**Exercise:** For each line below that contains the string "mathrm", copy that line.

**Extracted material:**
(* For every complete lattice $L$, $$\dim_{\nabla}(L)=\min\{\mathrm{cov}(A): A\text{ is meet-dense in } L\}.$$
   Context: A subset $A$ of a complete lattice $L$ is meet-dense if every element of $L$ is the meet (possibly infinite) of a subset of $A$. The complete join-dimension $\dim_\nabla(L)$ is the least cardinal $\kappa$ such that there is a one-to-one map from $L$ into a direct product of $\kappa$ complete chains preserving arbitrary joins. The chain-covering number $\mathrm{cov}(P)$ of a poset $P$ is the least cardinal $\kappa$ such that $P$ is a union of $\kappa$ chains. *)

Set Universe Polymorphism.

Definition is_lub {T : Type} (le : T -> T -> Prop) (S : T -> Prop) (x : T) : Prop :=
  (forall y, S y -> le y x) /\ (forall z, (forall y, S y -> le y z) -> le x z).

Definition is_glb {T : Type} (le : T -> T -> Prop) (S : T -> Prop) (x : T) : Prop :=
  (forall y, S y -> le x y) /\ (forall z, (forall y, S y -> le z y) -> le z x).

(** A complete lattice: a partial order in which every subset has a join
    (hence also a meet). [cl_sup S] is the join of [S]. *)
Record CompleteLattice := {
  cl_car :> Type;
  cl_le : cl_car -> cl_car -> Prop;
  cl_refl : forall x, cl_le x x;
  cl_antisym : forall x y, cl_le x y -> cl_le y x -> x = y;
  cl_trans : forall x y z, cl_le x y -> cl_le y z -> cl_le x z;
  cl_sup : (cl_car -> Prop) -> cl_car;
  cl_sup_lub : forall S, is_lub cl_le S (cl_sup S)
}.

Definition is_chain_lattice (C : CompleteLattice) : Prop :=
  forall x y : C, cl_le C x y \/ cl_le C y x.

Definition image {A B : Type} (f : A -> B) (S : A -> Prop) : B -> Prop :=
  fun b => exists a, S a /\ f a = b.

(** [L] admits a one-to-one, arbitrary-join-preserving map into the direct
    product of a family of complete chains indexed by [I] (joins in the
    product are computed coordinatewise). *)
Definition join_embeds_in_chains (L : CompleteLattice) (I : Type) : Prop :=
  exists (C : I -> CompleteLattice) (f : L -> forall i, C i),
    (forall i, is_chain_lattice (C i)) /\
    (forall x y, f x = f y -> x = y) /\
    (forall (S : L -> Prop) (i : I),
        f (cl_sup L S) i = cl_sup (C i) (image (fun x => f x i) S)).

Definition meet_dense (L : CompleteLattice) (A : L -> Prop) : Prop :=
  forall x : L, exists B : L -> Prop,
    (forall b, B b -> A b) /\ is_glb (cl_le L) B x.

Definition is_chain (L : CompleteLattice) (c : L -> Prop) : Prop :=
  forall x y, c x -> c y -> cl_le L x y \/ cl_le L y x.

Definition covered_by_chains (L : CompleteLattice) (A : L -> Prop) (I : Type) : Prop :=
  exists c : I -> L -> Prop,
    (forall i, is_chain L (c i)) /\
    (forall x, A x <-> exists i, c i x).

(** Cardinals are represented by index types; |I| <= |J| iff there is an
    injection I -> J. [is_least_card P I] : the cardinal of [I] is the least
    cardinal with property [P]. *)
Definition card_le (I J : Type) : Prop :=
  exists f : I -> J, forall a b, f a = f b -> a = b.

Definition is_least_card (P : Type -> Prop) (I : Type) : Prop :=
  P I /\ forall J : Type, P J -> card_le I J.

Definition is_join_dim (L : CompleteLattice) (I : Type) : Prop :=
  is_least_card (join_embeds_in_chains L) I.

Definition is_min_cov_meet_dense (L : CompleteLattice) (I : Type) : Prop :=
  is_least_card (fun J => exists A, meet_dense L A /\ covered_by_chains L A J) I.

(* A meet-dense set A covered by chains (c_j) gives the join-embedding
   x |-> ({a in c_j | x is not below a})_j into the complete chains of downsets
   of the c_j; it is injective because A is meet-dense.  Conversely, a
   join-embedding f into chains C_i has upper adjoints g_i t = sup {x | f x i <= t},
   whose ranges are chains (g_i is monotone) and together form a meet-dense set,
   since x is the meet of the g_i (f x i).  So the two families of cardinals
   coincide, and it remains to see that they have a least element: every cover
   can be reindexed by a subset of L of no larger cardinality, and among the
   subsets of L there is one of least cardinality (a maximal family of
   coordinatewise disjoint transversals, found by Zorn's lemma, exhausts one of
   them). *)

From Stdlib Require Import Classical ClassicalEpsilon FunctionalExtensionality
  PropExtensionality ProofIrrelevance.
From mathcomp Require classical_sets.

Lemma proj1_sig_inj (T : Type) (P : T -> Prop) (u v : {x | P x}) :
  proj1_sig u = proj1_sig v -> u = v.
Proof. apply eq_sig_hprop. intros x; apply proof_irrelevance. Qed.

Lemma card_le_trans (A B C : Type) : card_le A B -> card_le B C -> card_le A C.
Proof.
  intros [f Hf] [g Hg]. exists (fun a => g (f a)). intros a b E. apply Hf, Hg, E.
Qed.

Section CompleteLatticeFacts.

Variable L : CompleteLattice.

Lemma le_sup (S : L -> Prop) (y : L) : S y -> cl_le L y (cl_sup L S).
Proof. exact (proj1 (cl_sup_lub L S) y). Qed.

Lemma sup_le (S : L -> Prop) (z : L) :
  (forall y, S y -> cl_le L y z) -> cl_le L (cl_sup L S) z.
Proof. exact (proj2 (cl_sup_lub L S) z). Qed.

Lemma sup_pair_le (x y : L) :
  cl_le L x y -> cl_sup L (fun z => z = x \/ z = y) = y.
Proof.
  intros Hxy. apply (cl_antisym L).
  - apply sup_le. intros z [-> | ->]; [exact Hxy | apply cl_refl].
  - apply le_sup. now right.
Qed.

Lemma meet_dense_le (A : L -> Prop) (x y : L) : meet_dense L A ->
  (forall a, A a -> cl_le L x a -> cl_le L y a) -> cl_le L y x.
Proof.
  intros Hmd H. destruct (Hmd x) as [B [HBA [Hlb Hglb]]].
  apply Hglb. intros b Hb. apply H; [exact (HBA b Hb) | exact (Hlb b Hb)].
Qed.

Lemma meet_dense_full_cover :
  exists A, meet_dense L A /\ covered_by_chains L A {x : L | True}.
Proof.
  exists (fun _ => True). split.
  - intro x. exists (fun y => y = x). split; [intros; exact I | split].
    + intros y ->. apply cl_refl.
    + intros z Hz. now apply Hz.
  - exists (fun s y => y = proj1_sig s). split.
    + intros s a b -> ->. left. apply cl_refl.
    + intro x. split; [|intros _; exact I]. intros _. exists (exist _ x I). reflexivity.
Qed.

End CompleteLatticeFacts.

Section DownsetChain.

Variables (L : CompleteLattice) (c : L -> Prop).

Definition downset_in (D : L -> Prop) : Prop :=
  (forall a, D a -> c a) /\ (forall a b, D a -> c b -> cl_le L b a -> D b).

Definition downset := {D : L -> Prop | downset_in D}.

Lemma downset_ext (D1 D2 : downset) :
  (forall a, proj1_sig D1 a <-> proj1_sig D2 a) -> D1 = D2.
Proof.
  intros H. apply proj1_sig_inj. apply functional_extensionality. intro a.
  apply propositional_extensionality, H.
Qed.

Definition downset_sup (S : downset -> Prop) : downset.
Proof.
  refine (exist _ (fun a => exists D, S D /\ proj1_sig D a) _). split.
  - intros a [D [_ HD]]. exact (proj1 (proj2_sig D) a HD).
  - intros a b [D [HS HD]] Hb Hba. exists D. split; [exact HS|].
    exact (proj2 (proj2_sig D) a b HD Hb Hba).
Defined.

Definition downset_lattice : CompleteLattice.
Proof.
  refine {| cl_car := downset;
            cl_le := fun D1 D2 => forall a, proj1_sig D1 a -> proj1_sig D2 a;
            cl_sup := downset_sup |}.
  - auto.
  - intros; apply downset_ext; split; auto.
  - auto.
  - intros S; split.
    + intros D HD a Ha. now exists D.
    + intros E HE a [D [HD Ha]]. exact (HE D HD a Ha).
Defined.

Lemma downset_lattice_chain : is_chain L c -> is_chain_lattice downset_lattice.
Proof.
  intros Hc D1 D2. simpl.
  destruct (classic (forall a, proj1_sig D1 a -> proj1_sig D2 a)) as [H | H];
    [now left | right].
  apply not_all_ex_not in H. destruct H as [a Ha].
  apply imply_to_and in Ha. destruct Ha as [Ha1 Ha2].
  destruct (proj2_sig D1) as [D1c D1down], (proj2_sig D2) as [D2c D2down].
  intros b Hb. destruct (Hc a b (D1c a Ha1) (D2c b Hb)) as [Hab | Hba].
  - exfalso. exact (Ha2 (D2down b a Hb (D1c a Ha1) Hab)).
  - exact (D1down a b Ha1 (D2c b Hb) Hba).
Qed.

Definition not_above (x : L) : downset.
Proof.
  refine (exist _ (fun a => c a /\ ~ cl_le L x a) _). split.
  - now intros a [Ha _].
  - intros a b [_ Hxa] Hb Hba. split; [exact Hb|]. intro Hxb.
    exact (Hxa (cl_trans L _ _ _ Hxb Hba)).
Defined.

Lemma not_above_sup (S : L -> Prop) :
  not_above (cl_sup L S) = cl_sup downset_lattice (image not_above S).
Proof.
  apply downset_ext. intro a. simpl. split.
  - intros [Ha Hna].
    assert (Hs : exists s, S s /\ ~ cl_le L s a).
    { apply NNPP. intro H. apply Hna, sup_le. intros s Hs.
      apply NNPP. intro Hsa. apply H. now exists s. }
    destruct Hs as [s [Hs Hsa]]. exists (not_above s). split.
    + now exists s.
    + now split.
  - intros [D [[s [Hs <-]] [Ha Hsa]]]. split; [exact Ha|]. intro H.
    exact (Hsa (cl_trans L _ _ _ (le_sup L S s Hs) H)).
Qed.

End DownsetChain.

**Output of the task:**
(* For every complete lattice $L$, $$\dim_{\nabla}(L)=\min\{\mathrm{cov}(A): A\text{ is meet-dense in } L\}.$$
   Context: A subset $A$ of a complete lattice $L$ is meet-dense if every element of $L$ is the meet (possibly infinite) of a subset of $A$. The complete join-dimension $\dim_\nabla(L)$ is the least cardinal $\kappa$ such that there is a one-to-one map from $L$ into a direct product of $\kappa$ complete chains preserving arbitrary joins. The chain-covering number $\mathrm{cov}(P)$ of a poset $P$ is the least cardinal $\kappa$ such that $P$ is a union of $\kappa$ chains. *)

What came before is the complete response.